-- Opening Marker --
(* Let $n\ge2$, $A\in\mathbb{R}^{n\times m}$, $B\in\mathbb{R}^{m\times n}$. If the DSR graph $G_{A,B}$ is steady, then the DSR$^{[2]}$ graph $G^{[2]}_{A,B}$ is steady. In particular, if $G_{A,B}$ is acyclic, then $G^{[2]}_{A,B}$ is steady.
   Context: DSR graphs: for $P\in\mathbb{R}^{n\times m}$, $Q\in\mathbb{R}^{m\times n}$, $G_{P,Q}$ is the signed, labelled bipartite digraph with S-vertices $S_1,\dots,S_n$ and R-vertices $R_1,\dots,R_m$, with an arc $R_j\to S_i$ of sign $\mathrm{sign}(P_{ij})$ iff $P_{ij}\ne0$ and an arc $S_i\to R_j$ of sign $\mathrm{sign}(Q_{ji})$ iff $Q_{ji}\ne0$; antiparallel arcs of equal sign are merged into a single undirected edge. An edge arising from $P_{ij}\ne0$ (R-to-S or undirected) has label $|P_{ij}|$; an edge with only S-to-R orientation has label $\infty$. Walks traverse edges consistently with orientation; a cycle is a nonempty closed walk repeating no vertex except first$=$last (a 2-cycle requires two distinct edges between the same vertices). A cycle $(e_1,\dots,e_{2r})$ is an s-cycle if all its labels are finite and $\prod_{i=1}^r l(e_{2i-1})=\prod_{i=1}^r l(e_{2i})$. A DSR graph is steady if all its cycles are s-cycles, and acyclic if it has no cycles. DSR$^{[2]}$ graph: let $\overline{\mathbf L}^A\in\mathbb{R}^{\binom n2\times mn}$ (rows $(i,j)$, $i<j$; columns $(k,l)$, $1\le k\le m$, $1\le l\le n$) have entries $A_{jk}$ if $l=i$, $-A_{ik}$ if $l=j$, $0$ otherwise, and $\underline{\mathbf L}^B\in\mathbb{R}^{mn\times\binom n2}$ have $(k,l),(i,j)$ entry $B_{kj}$ if $l=i$, $-B_{ki}$ if $l=j$, $0$ otherwise. Then $G^{[2]}_{A,B}:=G_{\overline{\mathbf L}^A,\underline{\mathbf L}^B}$. *)

From HB Require Import structures.
From mathcomp Require Import all_boot all_order all_algebra.
Set Implicit Arguments. Unset Strict Implicit. Unset Printing Implicit Defensive.
Import Order.TTheory GRing.Theory Num.Theory.
Local Open Scope ring_scope.

(* DSR graphs G_{P,Q}, over arbitrary finite index types:
   S-vertices indexed by IS, R-vertices indexed by IR,
   P : IS -> IR -> R  (the matrix P, entry P_{ij}, i S-index, j R-index),
   Q : IR -> IS -> R  (the matrix Q, entry Q_{ji}). *)
Section DSR.
Variables (R : realFieldType) (IS IR : finType).
Variables (P : IS -> IR -> R) (Q : IR -> IS -> R).

(* vertices: inl i = S_i, inr j = R_j *)
Definition dsr_vertex := (IS + IR)%type.

(* edges between S_i and R_j:
   (i, j, true)  = the edge arising from P_{ij} <> 0 (R_j -> S_i, and
                   undirected i.e. also S_i -> R_j when it was merged with
                   the antiparallel arc S_i -> R_j of equal sign);
   (i, j, false) = an arc S_i -> R_j arising from Q_{ji} <> 0 that was
                   NOT merged (i.e. with only S-to-R orientation). *)
Definition dsr_edge := (IS * IR * bool)%type.

Definition merged (i : IS) (j : IR) : bool :=
  (P i j != 0) && (Q j i != 0) && (Num.sg (P i j) == Num.sg (Q j i)).

Definition dsr_trav (e : dsr_edge) (u v : dsr_vertex) : bool :=
  let: (i, j, b) := e in
  if b then
    ((u == inr j) && (v == inl i) && (P i j != 0))
    || ((u == inl i) && (v == inr j) && merged i j)
  else
    (u == inl i) && (v == inr j) && (Q j i != 0) && ~~ merged i j.

(* labels: finite labels |P_{ij}| for P-edges, infinity (None) otherwise *)
Definition dsr_label (e : dsr_edge) : option R :=
  let: (i, j, b) := e in if b then Some `|P i j| else None.

Definition lab_val (e : dsr_edge) : R :=
  if dsr_label e is Some x then x else 0.

(* A cycle of length L: edges es 0, ..., es (L-1) (= e_1,...,e_L) through
   vertices vs 0, ..., vs L with vs L = vs 0, each edge traversed
   consistently with its orientation, no repeated vertex, and (for the
   2-cycle case) distinct edges. *)
Definition is_cycle (L : nat) (vs : nat -> dsr_vertex) (es : nat -> dsr_edge)
  : Prop :=
  [/\ (0 < L)%N,
      vs L = vs 0%N,
      (forall t, (t < L)%N -> dsr_trav (es t) (vs t) (vs t.+1)),
      (forall t1 t2, (t1 < L)%N -> (t2 < L)%N -> vs t1 = vs t2 -> t1 = t2) &
      (forall t1 t2, (t1 < L)%N -> (t2 < L)%N -> es t1 = es t2 -> t1 = t2)].
(* Let $M$ be a universal left-c.e. semi-measure and $\mathcal S$ the collection of all left-c.e. semi-measures. There is a left-c.e. semi-measure $\widetilde M$ that is not universal such that $\mathsf{MLR}_{\widetilde M}=\mathsf{MLR}_M=\bigcup_{\rho\in\mathcal S}\mathsf{MLR}_\rho$.
   Context: $2^{<\omega}$ is the set of finite binary strings, $\varepsilon$ the empty string, $[\![\sigma]\!]=\{X\in2^\omega:\sigma\preceq X\}$, $[\![S]\!]=\bigcup_{\sigma\in S}[\![\sigma]\!]$. A semi-measure is $\rho:2^{<\omega}\to[0,1]$ with $\rho(\varepsilon)=1$ and $\rho(\sigma)\ge\rho(\sigma0)+\rho(\sigma1)$; it is left-c.e. if its values are uniformly approximable from below by a computable, non-decreasing sequence of rationals. A left-c.e. semi-measure $M$ is universal if for every left-c.e. semi-measure $\rho$ there is $c\in\omega$ with $\rho(\sigma)\le c\cdot M(\sigma)$ for all $\sigma$. For $E\subseteq2^{<\omega}$, $\rho(E)=\sum_{\sigma\in E}\rho(\sigma)$. $X\in\mathsf{MLR}_\rho$ iff $X\notin\bigcap_i[\![U_i]\!]$ for every uniformly c.e. sequence $(U_i)$ of subsets of $2^{<\omega}$ with $\rho(U_i)\le2^{-i}$ for all $i$. *)

From HB Require Import structures.
From mathcomp Require Import all_boot all_order all_algebra.
From mathcomp Require Import all_classical all_reals.
From mathcomp Require Import ereal esum.
Set Implicit Arguments. Unset Strict Implicit. Unset Printing Implicit Defensive.
Import Order.TTheory GRing.Theory Num.Theory.
Local Open Scope ring_scope.

(* A concrete model of partial computable functions on nat:            *)
(* unary partial recursive functions with Cantor pairing.              *)

(* Cantor unpairing: enumerates (0,0),(1,0),(0,1),(2,0),(1,1),(0,2),... *)
Fixpoint unpair (n : nat) : nat * nat :=
  match n with
  | 0 => (0, 0)
  | n'.+1 => let: (a, b) := unpair n' in
             if a is a'.+1 then (a', b.+1) else (b.+1, 0)
  end.

Definition npair (a b : nat) : nat := ((a + b) * (a + b).+1) %/ 2 + b.

Inductive prog : Type :=
  | PZero : prog
  | PSucc : prog
  | PFst  : prog
  | PSnd  : prog
  | PComp : prog -> prog -> prog
  | PPair : prog -> prog -> prog
  | PRec  : prog -> prog -> prog    (* h <a,0> = f a ; h <a,n+1> = g <a,<n, h <a,n>>> *)
  | PMu   : prog -> prog.           (* <a> |-> least m with f <a,m> = 0 (all earlier defined) *)

(* Fuel-bounded evaluation; [None] means "not (yet) converged". *)
Fixpoint eval (k : nat) (p : prog) (x : nat) {struct k} : option nat :=
  match k with
  | 0 => None
  | k'.+1 =>
    match p with
    | PZero => Some 0
    | PSucc => Some x.+1
    | PFst => Some (unpair x).1
    | PSnd => Some (unpair x).2
    | PComp f g => obind (eval k' f) (eval k' g x)
    | PPair f g =>
        match eval k' f x, eval k' g x with
        | Some a, Some b => Some (npair a b)
        | _, _ => None
        end
    | PRec f g =>
        let a := (unpair x).1 in
        (fix loop (i : nat) : option nat :=
           match i with
           | 0 => eval k' f a
           | i'.+1 => obind (fun r => eval k' g (npair a (npair i' r))) (loop i')
           end) (unpair x).2
    | PMu f =>
        (fix search (j m : nat) : option nat :=
           match j with
           | 0 => None
           | j'.+1 =>
               match eval k' f (npair x m) with
               | Some 0 => Some m
               | Some _ => search j' m.+1
               | None => None
               end
           end) k' 0
    end
  end.

Definition computes (p : prog) (f : nat -> nat) : Prop :=
  forall x, exists k, eval k p x = Some (f x).

Definition computable (f : nat -> nat) : Prop := exists p, computes p f.

(* finite binary strings = seq bool; sigma0 = rcons sigma false *)
Definition bstring := seq bool.

(* bijective base-2 coding of strings *)
Fixpoint code (s : bstring) : nat :=
  match s with
  | [::] => 0
  | b :: s' => (code s').*2 + 1 + b
  end.

(* decoding of naturals as rationals (surjective onto rat) *)
Definition int_of_nat (a : nat) : int :=
  if odd a then - (a./2.+1)%:Z else (a./2)%:Z.
Definition rat_of_nat (n : nat) : rat :=
  (int_of_nat (unpair n).1)%:~R / ((unpair n).2.+1)%:R.

Definition prefix (s : bstring) (X : nat -> bool) : Prop :=
  forall i, (i < size s)%N -> nth false s i = X i.

Definition in_cyl (U : set bstring) (X : nat -> bool) : Prop :=
  exists2 s, U s & prefix s X.

Definition semimeasure (R : realType) (rho : bstring -> R) : Prop :=
  (forall s, 0 <= rho s <= 1) /\
  rho [::] = 1 /\
  (forall s, rho (rcons s false) + rho (rcons s true) <= rho s).

Definition left_ce (R : realType) (rho : bstring -> R) : Prop :=
  exists f : nat -> nat, computable f /\
    let q := fun s t => rat_of_nat (f (npair (code s) t)) in
    (forall s t, q s t <= q s t.+1) /\
    (forall s (eps : R), 0 < eps ->
       exists N, forall t, (N <= t)%N -> `|rho s - ratr (q s t)| < eps).

Definition left_ce_semimeasure (R : realType) (rho : bstring -> R) : Prop :=
  semimeasure rho /\ left_ce rho.

Definition universal (R : realType) (M : bstring -> R) : Prop :=
  forall rho : bstring -> R, left_ce_semimeasure rho ->
    exists c : nat, forall s, rho s <= c%:R * M s.

Definition measE (R : realType) (rho : bstring -> R) (E : set bstring) : \bar R :=
  (\esum_(s in E) (rho s)%:E)%R.

Definition unif_ce (U : nat -> set bstring) : Prop :=
  exists p : prog, forall i s,
    U i s <-> exists k y, eval k p (npair i (code s)) = Some y.

Definition MLR (R : realType) (rho : bstring -> R) (X : nat -> bool) : Prop :=
  forall U : nat -> set bstring, unif_ce U ->
    (forall i, (measE rho (U i) <= ((2%:R : R) ^- i)%:E)%E) ->
    ~ (forall i, in_cyl (U i) X).

(** Let [Mt s = M s / 2 ^ k] when [s] starts with exactly [k] zeros followed by a
    one, and [Mt s = M s] when [s] contains no one.  This damping keeps the
    semi-measure inequality and is computable from the code of [s], so [Mt] is a
    left-c.e. semi-measure; it is not universal since [M (0^k 1) <= c Mt (0^k 1)]
    forces [2 ^ k <= c].  But a fixed [X] either is [0^omega] or starts with a
    fixed number [n] of zeros followed by a one, so [M <= 2 ^ n Mt] on all prefixes
    of [X]: a Martin-Löf test for [Mt] covering [X] yields one for [M] by shifting
    indices by [n] and keeping only the strings consistent with [0^n 1], a
    decidable set.  The same shift, with universality, shows [MLR_rho] is contained in
    [MLR_M] for every left-c.e. [rho]. *)

From Pilot Require Import Defs.
From mathcomp Require Import all_boot all_order all_algebra.
From mathcomp Require Import all_classical all_reals.
From mathcomp Require Import ereal esum.
From mathcomp Require Import zify ring lra.
Import Order.TTheory GRing.Theory Num.Theory.
Set Implicit Arguments. Unset Strict Implicit. Unset Printing Implicit Defensive.
Local Notation eval := Defs.eval.
Local Notation code := Defs.code.
Local Notation prefix := Defs.prefix.

Lemma triangular_succ d : (d.+1 * d.+2) %/ 2 = (d * d.+1) %/ 2 + d.+1.
Proof.
have -> : (d.+1 * d.+2 = d.+1 * 2 + d * d.+1)%N by rewrite mulnC; lia.
by rewrite divnMDl // addnC.
Qed.

Lemma npair_Sr a b : npair a b.+1 = (npair a.+1 b).+1.
Proof. by rewrite /npair addnS addSn addnS. Qed.

Lemma npair_S0 b : npair b.+1 0 = (npair 0 b).+1.
Proof. rewrite /npair !add0n !addn0 triangular_succ; lia. Qed.

Lemma unpair_npair a b : unpair (npair a b) = (a, b).
Proof.
move: {2}(a + b) (erefl (a + b)) => s; elim: s a b; first by case=> [|a] [|b].
move=> s IH a b; elim: b a => [|b IHb] a E.
  case: a E => [|a] E //; rewrite npair_S0 /= (IH 0%N a) //; lia.
rewrite npair_Sr /= IHb //; lia.
Qed.

Lemma npair_unpair n : npair (unpair n).1 (unpair n).2 = n.
Proof.
elim: n => [//|n IH] /=.
case E: (unpair n) => [[|a] b]; rewrite E /= in IH.
  by rewrite npair_S0 IH.
by rewrite npair_Sr IH.
Qed.

Fixpoint rec_loop (E : prog -> nat -> option nat) (f g : prog) (a i : nat) :=
  match i with
  | 0 => E f a
  | i'.+1 => obind (fun r => E g (npair a (npair i' r))) (rec_loop E f g a i')
  end.

Fixpoint mu_search (E : prog -> nat -> option nat) (f : prog) (x j m : nat) :=
  match j with
  | 0 => None
  | j'.+1 => match E f (npair x m) with
             | Some 0 => Some m
             | Some _ => mu_search E f x j' m.+1
             | None => None
             end
  end.
(* Let $M\ge\frac52$, $\mu=\frac{2}{2M+3}$, and consider Algorithm A run on an input whose optimal offline makespan is $1$. Then for every $j\ge1$, the load of $m_1$ just after job $j$ has been handled is at most $1+\mu$.
   Context: Model (two hierarchical machines with migration, bin stretching). Jobs $1,2,\dots,n$ arrive one by one ($n$ unknown in advance). Job $j$ has a size $p_j>0$ and a grade of service (GoS) $g_j\in\{1,2\}$; a job of GoS $1$ may only be processed on machine $m_1$, a job of GoS $2$ may be processed on $m_1$ or on $m_2$. The load of a machine is the total size of the jobs assigned to it, and the makespan is the maximum load. When job $j$ arrives, the algorithm must assign it to a machine, and at the same time it may reassign (migrate) previously arrived jobs to other machines (respecting the GoS constraints), provided that the total size of the migrated jobs is at most $M\cdot p_j$; $M\ge 0$ is the migration factor. Bin stretching: the optimal offline makespan of the complete input is known in advance and scaled to $1$. Notation: $Y_{j}$ is the set of jobs on $m_2$ just after job $j$ has been handled (including migrations), $y_j$ its total size, $y_0=0$. $Z$ denotes the set of GoS-2 jobs currently on $m_1$. Algorithm A (with $\mu=\frac{2}{2M+3}$). On arrival of job $j$: (i) if $g_j=1$ or $y_{j-1}\ge 1-\mu$, assign $j$ to $m_1$; (ii) else if $y_{j-1}+p_j\le 1+\mu$, assign $j$ to $m_2$; (iii) otherwise, among all GoS-2 jobs arrived so far (the current $Z$, the current $Y_{j-1}$, and $j$), choose a subset $W$ of maximum total size subject to total size at most $1$; rearrange so that exactly the jobs of $W$ are on $m_2$ and all other arrived jobs are on $m_1$. *)

From HB Require Import structures.
From mathcomp Require Import all_boot all_order all_algebra.
Set Implicit Arguments. Unset Strict Implicit. Unset Printing Implicit Defensive.
Import Order.TTheory GRing.Theory Num.Theory.
Local Open Scope ring_scope.

(* Jobs are indexed by 'I_n (0-indexed: job i of Rocq = job i+1 of the paper).
   p i : size, g i : grade of service (1 or 2).
   A set of jobs A : {set 'I_n} describes the jobs placed on machine m_2;
   all other (arrived) jobs are on m_1. *)

Section Defs.
Variables (R : realFieldType) (n : nat).

Definition setsum (p : 'I_n -> R) (A : {set 'I_n}) : R := \sum_(i in A) p i.

Definition feasible (g : 'I_n -> nat) (A : {set 'I_n}) : Prop :=
  A \subset [set i | g i == 2%N].

Definition makespan (p : 'I_n -> R) (A : {set 'I_n}) : R :=
  Num.max (setsum p (~: A)) (setsum p A).

Definition opt_makespan_is (p : 'I_n -> R) (g : 'I_n -> nat) (v : R) : Prop :=
  (exists A, feasible g A /\ makespan p A <= v) /\
  (forall A, feasible g A -> v <= makespan p A).

(* One step of Algorithm A handling job j: Yprev = Y_{j-1}, Ynext = Y_j. *)
Definition algA_step (mu : R) (p : 'I_n -> R) (g : 'I_n -> nat) (j : 'I_n)
    (Yprev Ynext : {set 'I_n}) : Prop :=
  let y := setsum p Yprev in
  if (g j == 1%N) || (1 - mu <= y) then Ynext = Yprev
  else if y + p j <= 1 + mu then Ynext = j |: Yprev
  else
    let C := [set i : 'I_n | (i <= j)%N && (g i == 2%N)] in
    [/\ Ynext \subset C, setsum p Ynext <= 1 &
        forall W : {set 'I_n}, W \subset C -> setsum p W <= 1 -> setsum p W <= setsum p Ynext].

(* A run of Algorithm A (any tie-breaking in step (iii)):
   Y k = set of jobs on m_2 after the first k jobs have been handled. *)
Definition algA_run (mu : R) (p : 'I_n -> R) (g : 'I_n -> nat)
    (Y : nat -> {set 'I_n}) : Prop :=
  Y 0%N = set0 /\ forall j : 'I_n, algA_step mu p g j (Y j) (Y j.+1).

Definition load1_after (p : 'I_n -> R) (Y : nat -> {set 'I_n}) (j : 'I_n) : R :=
  \sum_(i : 'I_n | (i <= j)%N && (i \notin Y j.+1)) p i.

End Defs.

From HB Require Import structures.
From mathcomp Require Import all_boot all_order all_algebra.
From mathcomp Require Import lra.
Set Implicit Arguments. Unset Strict Implicit.
Import Order.TTheory GRing.Theory Num.Theory.
Local Open Scope ring_scope.

(* Fix an optimal schedule [A].  Algorithm A keeps the invariant that either
   [m_2] is already loaded to at least [1 - mu], or the GoS-1 jobs together
   with the GoS-2 jobs waiting on [m_1] weigh at most [1].  Steps (i) and (ii)
   never add a waiting GoS-2 job unless [m_2] carries [1 - mu] already.  After
   a repacking (iii), [m_2] carries at least as much as the arrived GoS-2 jobs
   of [A] (they fit under [1]), so the waiting ones weigh at most the arrived
   GoS-2 jobs outside [A]; in the optimum these share [m_1] with all GoS-1
   jobs.  The invariant bounds the load of [m_1] by [2 - (1 - mu)] in the
   first case (the total size is at most [2]) and by [1] in the second, so
   the bound holds for every [mu >= 0]. *)

Section SetSum.
Variables (R : realFieldType) (n : nat) (p : 'I_n -> R).

Lemma setsumID (D B : {set 'I_n}) :
  setsum p D = setsum p (D :&: B) + setsum p (D :\: B).
Proof. exact: big_setID. Qed.

Lemma setsumC (B : {set 'I_n}) : setsum p (~: B) = setsum p setT - setsum p B.
Proof.
by rewrite (setsumID setT B) setTI setTD [setsum p B + _]addrC addrK.
Qed.

Hypothesis p_ge0 : forall i, 0 <= p i.

Lemma setsum_ge0 (D : {set 'I_n}) : 0 <= setsum p D.
Proof. exact: sumr_ge0. Qed.

Lemma setsumS (A B : {set 'I_n}) : A \subset B -> setsum p A <= setsum p B.
Proof.
by move=> sAB; rewrite (setsumID B A) (setIidPr sAB) lerDl setsum_ge0.
Qed.

Lemma setsumU_le (A B : {set 'I_n}) :
  setsum p (A :|: B) <= setsum p A + setsum p B.
Proof.
rewrite (setsumID (A :|: B) A) (setIidPr (subsetUl A B)) lerD2l.
by apply: setsumS; rewrite setDUl setDv set0U subsetDl.
Qed.

End SetSum.

Section AlgorithmA.
Variables (R : realFieldType) (n : nat) (p : 'I_n -> R) (g : 'I_n -> nat).
Variable mu : R.

Hypothesis p_ge0 : forall i, 0 <= p i.
Hypothesis g12 : forall i, g i = 1%N \/ g i = 2%N.

Definition arrived (k : nat) : {set 'I_n} := [set i : 'I_n | (i < k)%N].
Definition gos1 : {set 'I_n} := [set i | g i == 1%N].
Definition gos2 : {set 'I_n} := [set i | g i == 2%N].

Definition waiting2 (k : nat) (B : {set 'I_n}) := (arrived k :&: gos2) :\: B.

Definition algA_inv (k : nat) (B : {set 'I_n}) : Prop :=
  1 - mu <= setsum p B \/ setsum p gos1 + setsum p (waiting2 k B) <= 1.

Lemma waiting2_step (j : 'I_n) (B B' : {set 'I_n}) :
  B \subset B' -> (g j = 2%N -> j \in B') ->
  waiting2 j.+1 B' \subset waiting2 j B.
Proof.
move=> sBB' jB'; apply/subsetP=> i; rewrite !inE ltnS leq_eqVlt.
case/and3P=> iB' /orP[/eqP/val_inj ij | ->] /eqP gi.
  by move: iB'; rewrite ij jB' // -ij.
by rewrite gi eqxx !andbT; exact: contra (subsetP sBB' i) iB'.
Qed.

Lemma algA_inv_grow (j : 'I_n) (B B' : {set 'I_n}) :
  B \subset B' -> (g j = 2%N -> j \in B') ->
  algA_inv j B -> algA_inv j.+1 B'.
Proof.
move=> sBB' jB' [yB | wB]; [left | right].
  exact: le_trans yB (setsumS p_ge0 sBB').
apply: le_trans wB; rewrite lerD2l.
exact/(setsumS p_ge0)/waiting2_step.
Qed.

Variable A : {set 'I_n}.
Hypothesis A_feasible : feasible g A.
Hypothesis A_load1 : setsum p (~: A) <= 1.
Hypothesis A_load2 : setsum p A <= 1.

Lemma gos1_subset_complA : gos1 \subset ~: A.
Proof.
apply/subsetP=> i; rewrite !inE => /eqP gi; apply/negP => iA.
by move/subsetP: A_feasible => /(_ i iA); rewrite inE gi.
Qed.

Lemma algA_inv_repack (j : 'I_n) (B : {set 'I_n}) :
  let C := arrived j.+1 :&: gos2 in
  B \subset C ->
  (forall W : {set 'I_n},
     W \subset C -> setsum p W <= 1 -> setsum p W <= setsum p B) ->
  algA_inv j.+1 B.
Proof.
move=> C sBC B_max; right.
have CA_le : setsum p (C :&: A) <= setsum p B.
  apply: B_max; first exact: subsetIl.
  exact: le_trans (setsumS p_ge0 (subsetIr _ _)) A_load2.
have sum_outside_A : setsum p gos1 + setsum p (C :\: A) <= 1.
  apply: le_trans A_load1.
  rewrite (setsumID p (~: A) gos1) (setIidPr gos1_subset_complA) lerD2l.
  apply: setsumS => //; apply/subsetP=> i; rewrite !inE.
  by case/and3P=> -> _ /eqP ->.
have waitE : setsum p (waiting2 j.+1 B) = setsum p C - setsum p B.
  rewrite /waiting2 -/C (setsumID p C B) (setIidPr sBC).
  by rewrite [setsum p B + _]addrC addrK.
rewrite waitE (setsumID p C A); lra.
Qed.

Lemma algA_step_inv (j : 'I_n) (B B' : {set 'I_n}) :
  algA_inv j B -> algA_step mu p g j B B' -> algA_inv j.+1 B'.
Proof.
move=> invB; rewrite /algA_step /=; case: ifP => [/orP step_i -> | _].
  case: step_i => [/eqP gj | yB]; last by left.
  by apply: algA_inv_grow invB => //; rewrite gj.
case: ifP => [_ -> | _].
  by apply: algA_inv_grow invB; [exact: subsetUr | rewrite setU11].
have -> : [set i : 'I_n | (i <= j)%N && (g i == 2%N)] = arrived j.+1 :&: gos2.
  by apply/setP=> i; rewrite !inE ltnS.
by case=> sBC _ B_max; exact: algA_inv_repack.
Qed.

Lemma algA_run_inv (Y : nat -> {set 'I_n}) :
  algA_run mu p g Y -> forall k, (k <= n)%N -> algA_inv k (Y k).
Proof.
case=> Y0 Ystep; elim=> [_ | k IHk kn].
  right; rewrite Y0 /waiting2.
  have -> : arrived 0 :&: gos2 = set0 by apply/setP=> i; rewrite !inE.
  rewrite set0D [setsum p set0]big_set0 addr0.
  exact: le_trans (setsumS p_ge0 gos1_subset_complA) A_load1.
exact: (algA_step_inv (j := Ordinal kn)) (IHk (ltnW kn)) (Ystep _).
Qed.

Lemma load1_afterE (Y : nat -> {set 'I_n}) (j : 'I_n) :
  load1_after p Y j = setsum p (arrived j.+1 :\: Y j.+1).
Proof. by apply: eq_bigl => i; rewrite !inE ltnS andbC. Qed.

Lemma algA_load1_le (Y : nat -> {set 'I_n}) (j : 'I_n) :
  0 <= mu -> algA_run mu p g Y -> load1_after p Y j <= 1 + mu.
Proof.
move=> mu_ge0 runY; rewrite load1_afterE.
have [y_big | w_small] := algA_run_inv runY (ltn_ord j).
  have total_le2 : setsum p setT <= 2.
    by move: A_load1 A_load2; rewrite setsumC; lra.
  apply: le_trans (setsumS p_ge0 (_ : _ \subset ~: Y j.+1)) _.
    by rewrite setDE subsetIr.
  by rewrite setsumC; lra.
have cover : arrived j.+1 :\: Y j.+1 \subset gos1 :|: waiting2 j.+1 (Y j.+1).
  apply/subsetP=> i; rewrite !inE => /andP[iY ij].
  by case: (g12 i) => ->; rewrite ?iY ?ij.
apply: le_trans (setsumS p_ge0 cover) _.
by apply: le_trans (setsumU_le p_ge0 _ _) _; lra.
Qed.

End AlgorithmA.

Theorem mainTheorem3 (R : realFieldType) (M : R) (n : nat)
    (p : 'I_n -> R) (g : 'I_n -> nat) (Y : nat -> {set 'I_n}) :
  5 / 2 <= M ->
  (forall i, 0 < p i) ->
  (forall i, g i = 1%N \/ g i = 2%N) ->
  opt_makespan_is p g 1 ->
  algA_run (2 / (2 * M + 3)) p g Y ->
  forall j : 'I_n, load1_after p Y j <= 1 + 2 / (2 * M + 3).
Proof.
move=> M_ge p_gt0 g12 [[A [A_feasible]]] + _ runY j.
rewrite /makespan ge_max => /andP[A_load1 A_load2].
have p_ge0 i : 0 <= p i := ltW (p_gt0 i).
apply: (algA_load1_le p_ge0 g12 A_feasible A_load1 A_load2 j _ runY).
by rewrite divr_ge0 //; lra.
Qed.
-- Closing Marker --
DIRECTIONS: Once you reach the line with "Definition lab_val (e" in the data above, copy it and every line after it exactly, up to and including the line with "2-cycle case) distinct edges. *)".

ANSWER:
Definition lab_val (e : dsr_edge) : R :=
  if dsr_label e is Some x then x else 0.

(* A cycle of length L: edges es 0, ..., es (L-1) (= e_1,...,e_L) through
   vertices vs 0, ..., vs L with vs L = vs 0, each edge traversed
   consistently with its orientation, no repeated vertex, and (for the
   2-cycle case) distinct edges. *)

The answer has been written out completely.